Selecting too few bins can mask important details, while too many may overcomplicate the dataset.
Relative Frequency
After determining the bins, the next step is to calculate the relative frequency. Relative frequency is the proportion of data points that fall within each bin, compared to the total number of data points. It is a way to understand how the data is divided across different intervals.
The formula to calculate relative frequency is:
  • \( \text{Relative Frequency} = \frac{\text{Number of data points in a bin}}{\text{Total number of data points}} \)
In this exercise, for instance, the bin \([0, 250)\) contains 150 data points. With a total of 190 data points in the dataset, the relative frequency is computed as:
  • \( \frac{150}{190} \approx 0.789 \)
Relative frequencies help in comparing the sizes of different bins without being affected by the total size of the dataset.

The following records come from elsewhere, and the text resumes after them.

Lemma lin_scaleA a b u : lin_scale a (lin_scale b u) = lin_scale (a * b) u.
Proof.
case: u => [[c p]|] //=.
have [->|b_neq0] := eqVneq b 0; first by rewrite mulr0 insubF ?eqxx.
rewrite (insub_nzscalar b_neq0) /=.
have [->|a_neq0] := eqVneq a 0; first by rewrite mul0r insubF ?eqxx.
rewrite (insub_nzscalar a_neq0) (insub_nzscalar (mulf_neq0 a_neq0 b_neq0)) /=.
by congr (Some (_, _)); apply: val_inj; rewrite /= mulrA.
Qed.

Lemma lin_scale1 u : lin_scale 1 u = u.
Proof.
case: u => [[a p]|] //=; rewrite (insub_nzscalar (oner_neq0 K)) /=.
by congr (Some (_, _)); apply: val_inj; rewrite /= mul1r.
Qed.

Lemma lin_scale0 u : lin_scale 0 u = None.
Proof. by case: u => [[]|] //= *; rewrite insubF ?eqxx. Qed.

Lemma lin_scale_mull c u v : lin_scale c (lin_mul u v) = lin_mul (lin_scale c u) v.
Proof.
have [->|c_neq0] := eqVneq c 0; first by rewrite !lin_scale0.
case: u => [[a p]|] //; case: v => [[b q]|]; rewrite ?lin_mul0r //.
rewrite /lin_scale /lin_mul (insub_nzscalar c_neq0) /=.
by case: (mulM p q) => //= pq; rewrite nzmulA.
Qed.

Lemma lin_scale_mulr c u v : lin_scale c (lin_mul u v) = lin_mul u (lin_scale c v).
Proof.
have [->|c_neq0] := eqVneq c 0; first by rewrite !lin_scale0 lin_mul0r.
case: u => [[a p]|] //; case: v => [[b q]|]; rewrite ?lin_mul0r //.
rewrite /lin_scale /lin_mul (insub_nzscalar c_neq0) /=.
case: (mulM p q) => //= pq; congr (Some (_, _)).
by apply: val_inj; rewrite /= mulrCA.
Qed.

Definition linearization : ksemigroup K :=
  KSemigroup lin_mulA lin_mul0l lin_mul0r lin_scaleA lin_scale1
    lin_scale_mull lin_scale_mulr lin_scale0.

Lemma linearization_cancellative : kcancellative linearization.
Proof.
move=> a b [[c p]|] //= + _.
have [->|a_neq0] := eqVneq a 0; have [->|b_neq0] := eqVneq b 0 => //.
- by rewrite insubF ?eqxx // (insub_nzscalar b_neq0).
- by rewrite (insub_nzscalar a_neq0) insubF ?eqxx.
- by rewrite !insub_nzscalar => -[]; apply/mulIf/(valP c).
Qed.

Definition lin_lift (u : option M) : linearization := omap (pair nzone) u.

Lemma lin_lift_mul u v : smul (lin_lift u) (lin_lift v) = lin_lift (omul u v).
Proof.
case: u v => [p|] [q|] //; rewrite /= /lin_mul /omul.
case: (mulM p q) => //= pq.
by congr (Some (_, _)); apply: val_inj; rewrite /= mulr1.
Qed.

End Linearization.

Section CellSemigroup.
Variables (G : groupoid) (K : fieldType) (sigma : G -> G -> K).
Local Open Scope classical_set_scope.

Definition dom_triangle (a b c : G) : Prop :=
  [/\ gr a = gr b, gr b = gr c & in_dom sigma (gmul (ginv a) b) (gmul (ginv b) c)].

Definition consistent (A : set G) : Prop :=
  forall a b c, A a -> A b -> A c -> dom_triangle a b c.

Lemma consistent_sub (A B : set G) : A `<=` B -> consistent B -> consistent A.
Proof. by move=> AB consB a b c /AB Ba /AB Bb /AB Bc; apply: consB. Qed.

Lemma dom_triangle_translate g a b c :
  composable g a -> composable g b -> composable g c ->
  dom_triangle (gmul g a) (gmul g b) (gmul g c) -> dom_triangle a b c.
Proof.
move=> ga gb gc [_ _]; rewrite !ldiv_gmul2l // => D.
by split=> //; [rewrite -ga -gb | rewrite -gb -gc].
Qed.

Lemma consistent_translate g (B : set G) : (forall b, B b -> composable g b) ->
  consistent (gmul g @` B) -> consistent B.
Proof.
move=> gB consB a b c Ba Bb Bc.
apply: (dom_triangle_translate (gB _ Ba) (gB _ Bb) (gB _ Bc)).
by apply: consB; [exists a | exists b | exists c].
Qed.

Definition cell := (set G * G)%type.

Definition fibered (c : cell) : Prop := forall a, c.1 a -> gr a = gr c.2.

Definition cmul (c d : cell) : cell := (c.1 `|` gmul c.2 @` d.1, gmul c.2 d.2).

Definition ccomposable (c d : cell) : Prop :=
  [/\ composable c.2 d.2, fibered c & fibered d].

Lemma composable_translate c d : ccomposable c d -> forall b, d.1 b -> composable c.2 b.
Proof. by case=> cd _ fd b /fd; rewrite /composable cd => ->. Qed.

Lemma fibered_cmul c d : ccomposable c d -> fibered (cmul c d).
Proof.
move=> cd; have [c_d fc _] := cd; move=> z /= [/fc ->|[b db <-]].
  by rewrite gr_gmul.
by rewrite !gr_gmul //; apply: composable_translate cd _ db.
Qed.

Lemma ccomposable_mull c d e :
  ccomposable c d -> ccomposable (cmul c d) e <-> ccomposable d e.
Proof.
move=> cd; have fcd := fibered_cmul cd; have [c_d _ fd] := cd.
by rewrite /ccomposable /= composable_mull //; split=> -[].
Qed.

Lemma ccomposable_mulr c d e :
  ccomposable d e -> ccomposable c (cmul d e) <-> ccomposable c d.
Proof.
move=> de; have fde := fibered_cmul de; have [d_e fd _] := de.
by rewrite /ccomposable /= composable_mulr //; split=> -[].
Qed.

Lemma cmulA c d e : ccomposable c d -> ccomposable d e ->
  cmul (cmul c d) e = cmul c (cmul d e).
Proof.
move=> cd de; have [c_d _ _] := cd; have [d_e _ _] := de.
rewrite /cmul /= gmulA // image_setU setUA image_comp; congr (_ `|` _, _).
apply: eq_imagel => z ez /=; apply: gmulA => //; exact: composable_translate de _ ez.
Qed.

Lemma consistent_cmul c d : ccomposable c d -> consistent (cmul c d).1 ->
  consistent c.1 /\ consistent d.1.
Proof.
move=> cd cons_cd; split; first by apply: consistent_sub cons_cd => z cz; left.
apply: (consistent_translate (composable_translate cd)).
by apply: consistent_sub cons_cd => z dz; right.
Qed.

Definition trunc (c : cell) : option cell :=
  if pselect (consistent c.1) then Some c else None.

(* Non-fibered cells are junk: they multiply to 0. *)
Definition cell_mul (c d : cell) : option cell :=
  if pselect (ccomposable c d) then trunc (cmul c d) else None.

Lemma cell_mulE c d : ccomposable c d -> cell_mul c d = trunc (cmul c d).
Proof. by rewrite /cell_mul; case: pselect. Qed.

Lemma omul_cell_mull c d e : omul cell_mul (cell_mul c d) (Some e) =
  if pselect (ccomposable c d /\ ccomposable d e) then trunc (cmul (cmul c d) e) else None.
Proof.
rewrite [cell_mul c d]/cell_mul; case: (pselect (ccomposable c d)) => [cd|ncd]; last first.
  by case: (pselect (_ /\ _)) => // -[].
have cd_e := ccomposable_mull e cd.
rewrite [trunc (cmul c d)]/trunc /omul; case: (pselect (consistent _)) => [cons|ncons] /=.
  rewrite /cell_mul; case: (pselect (ccomposable _ e)) => ?; case: pselect => ? //=; tauto.
case: (pselect (_ /\ _)) => [[_ de]|] //=; rewrite /trunc.
case: (pselect (consistent _)) => // cons; exfalso.
by apply: ncons; apply: (consistent_cmul _ cons).1; apply/cd_e.
Qed.

Lemma omul_cell_mulr c d e : omul cell_mul (Some c) (cell_mul d e) =
  if pselect (ccomposable c d /\ ccomposable d e) then trunc (cmul c (cmul d e)) else None.
Proof.
rewrite [cell_mul d e]/cell_mul; case: (pselect (ccomposable d e)) => [de|nde]; last first.
  by case: (pselect (_ /\ _)) => // -[].
have c_de := ccomposable_mulr c de.
rewrite [trunc (cmul d e)]/trunc /omul; case: (pselect (consistent _)) => [cons|ncons] /=.
  rewrite /cell_mul; case: (pselect (ccomposable c _)) => ?; case: pselect => ? //=; tauto.
case: (pselect (_ /\ _)) => [[cd _]|] //=; rewrite /trunc.
case: (pselect (consistent _)) => // cons; exfalso.
by apply: ncons; apply: (consistent_cmul _ cons).2; apply/c_de.
Qed.

Lemma cell_mulA c d e :
  omul cell_mul (cell_mul c d) (Some e) = omul cell_mul (Some c) (cell_mul d e).
Proof.
rewrite omul_cell_mull omul_cell_mulr.
by case: pselect => // -[cd de]; rewrite cmulA.
Qed.

Lemma omul_trunc c d : omul cell_mul (trunc c) (trunc d) = cell_mul c d.
Proof.
rewrite [trunc c]/trunc [trunc d]/trunc.
case: pselect => consc; case: pselect => consd //=.
all: rewrite /cell_mul; case: pselect => // cd; rewrite /trunc; case: pselect => // cons.
all: by exfalso; have [] := consistent_cmul cd cons.
Qed.

Definition cell_semigroup : ksemigroup K := linearization K cell_mulA.

Lemma lift_trunc_mul c d : ccomposable c d ->
  smul (lin_lift K cell_mulA (trunc c)) (lin_lift K cell_mulA (trunc d)) =
  lin_lift K cell_mulA (trunc (cmul c d)).
Proof. by move=> cd; rewrite lin_lift_mul omul_trunc cell_mulE. Qed.

End CellSemigroup.

Section Realization.
Variables (G : groupoid) (K : fieldType) (sigma : G -> G -> K).
Local Open Scope classical_set_scope.
Local Notation T := (dom_triangle sigma).
Local Notation lift := (lin_lift K (@cell_mulA G K sigma)).

Definition gen (x : G) : cell G := ([set gr x; x], x).

Definition Gam (x : G) : cell_semigroup sigma := lift (trunc sigma (gen x)).

Lemma fibered_gen x : fibered (gen x).
Proof. by move=> a /= [->|->]; rewrite ?gr_gr. Qed.

Lemma ccomposable_gen (c : cell G) y :
  fibered c -> composable c.2 y -> ccomposable c (gen y).
Proof. by move=> fc cy; split=> //; apply: fibered_gen. Qed.

Lemma ccomposable_gens x y : composable x y -> ccomposable (gen x) (gen y).
Proof. exact: ccomposable_gen (@fibered_gen x). Qed.

Lemma cmul_gen (c : cell G) y : composable c.2 y ->
  cmul c (gen y) = (c.1 `|` [set c.2; gmul c.2 y], gmul c.2 y).
Proof. by move=> cy; rewrite /cmul /= image_setU !image_set1 gmul_grl. Qed.

Lemma Gam_mul x y : composable x y ->
  smul (Gam x) (Gam y) = lift (trunc sigma (cmul (gen x) (gen y))).
Proof. by move=> xy; rewrite /Gam lift_trunc_mul //; apply: ccomposable_gens. Qed.

Lemma Gam_mul3 x y z : composable x y -> composable y z ->
  smul (smul (Gam x) (Gam y)) (Gam z) =
  lift (trunc sigma (cmul (cmul (gen x) (gen y)) (gen z))).
Proof.
move=> xy yz; rewrite Gam_mul // /Gam lift_trunc_mul //.
by apply: ccomposable_gen (fibered_cmul (ccomposable_gens xy)) _; rewrite /= composable_mull.
Qed.

Lemma Gam_ginvl_mul x y : composable x y ->
  smul (smul (Gam (ginv x)) (Gam x)) (Gam y) = smul (Gam (ginv x)) (Gam (gmul x y)).
Proof.
move=> xy; have x'x := composable_ginvl x.
have x'x_y : composable (gmul (ginv x) x) y by rewrite composable_mull.
have x'_xy : composable (ginv x) (gmul x y) by rewrite composable_mulr.
rewrite Gam_mul3 // Gam_mul //; congr (lift (trunc _ _)).
rewrite !cmul_gen //= gr_ginv -/(gd x) gmulKg // xy gmul_gr; congr pair.
by apply/seteqP; split=> z /=; tauto.
Qed.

This makes it easy to understand the distribution of data across different intervals.
Symmetry in Distributions
Analyzing symmetry in distributions involves looking at how data is spread across a histogram. Symmetry, or the lack thereof, gives insight into data characteristics. Typically, if both halves of the histogram mirror each other around the center, it is symmetric.
However, in this dataset, most data points are concentrated in the lower bins, with the frequency gradually decreasing as the bin numbers increase. This suggests a right-skewed distribution.
  • Right skewness means there are a few very high values compared to the rest.
  • The tail on the right side of the histogram is longer or fatter than on the left.
Understanding whether a distribution is skewed helps in many areas, from statistical inference to predictive modeling.
For example, a right-skewed dataset might require using different statistical methods or transformations to achieve normality for analysis purposes.